Lemma card_le_sum_card mu : mu != 0 ->
  (#|X mu| <= \sum_(nu : F | nu != 0%R) #|X nu|)%N.
Proof. by move=> mu0; rewrite (bigD1 mu) //= leq_addr. Qed.

Lemma sum_card_ge2 mu1 mu2 : mu1 != 0 -> mu2 != 0 -> mu1 != mu2 ->
  X mu1 != set0 -> X mu2 != set0 -> (2 <= \sum_(mu : F | mu != 0%R) #|X mu|)%N.
Proof.
move=> mu1_0 mu2_0 mu12 X1 X2.
rewrite (bigD1 mu1) //= (bigD1 mu2) /=; last by rewrite mu2_0 eq_sym.
by rewrite addnA (leq_trans _ (leq_addr _ _)) // (@leq_add 1 1) // card_gt0.
Qed.

Lemma sum_card_le2 mu1 mu2 (x1 x2 : T) : mu1 != mu2 ->
  (forall mu x, x \in X mu -> (mu = mu1 /\ x = x1) \/ (mu = mu2 /\ x = x2)) ->
  (\sum_(mu : F | mu != 0%R) #|X mu| <= 2)%N.
Proof.
move=> mu12 onlyX.
have cardX mu : (#|X mu| <= (mu == mu1) + (mu == mu2))%N.
  case: (eqVneq mu mu1) => [-> | mu_1].
    rewrite (negbTE mu12) /= addn0 -(cards1 x1).
    apply: subset_leq_card; apply/subsetP => x /onlyX.
    by rewrite inE => -[[_ ->] | [e _]] //; rewrite e eqxx in mu12.
  case: (eqVneq mu mu2) => [-> | mu_2] /=.
    rewrite -(cards1 x2); apply: subset_leq_card; apply/subsetP => x /onlyX.
    by rewrite inE => -[[e _] | [_ ->]] //; rewrite e eqxx in mu12.
  rewrite leqn0 cards_eq0; apply/eqP/setP => x; rewrite inE.
  apply/negbTE/negP => /onlyX[] [e _].
    by rewrite e eqxx in mu_1.
  by rewrite e eqxx in mu_2.
have sum_eq1 m : (\sum_(mu : F) (mu == m) = 1)%N.
  by rewrite (bigD1 m) //= eqxx big1 // => mu /negbTE->.
apply: leq_trans (_ : \sum_mu ((mu == mu1) + (mu == mu2)) <= 2)%N.
  rewrite [X in (_ <= X)%N](bigID (fun mu => mu != 0)) /=.
  by apply: leq_trans (leq_addr _ _); apply: leq_sum.
by rewrite big_split /= !sum_eq1.
Qed.
End SumOfCards.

^^^^

**What needs to be done**
Quote exactly the opening line of the material above and every line after it, up to and including the line that contains "Lemma sum_card_ge2 mu1".

**Task answer**
Lemma card_le_sum_card mu : mu != 0 ->
  (#|X mu| <= \sum_(nu : F | nu != 0%R) #|X nu|)%N.
Proof. by move=> mu0; rewrite (bigD1 mu) //= leq_addr. Qed.

Lemma sum_card_ge2 mu1 mu2 : mu1 != 0 -> mu2 != 0 -> mu1 != mu2 ->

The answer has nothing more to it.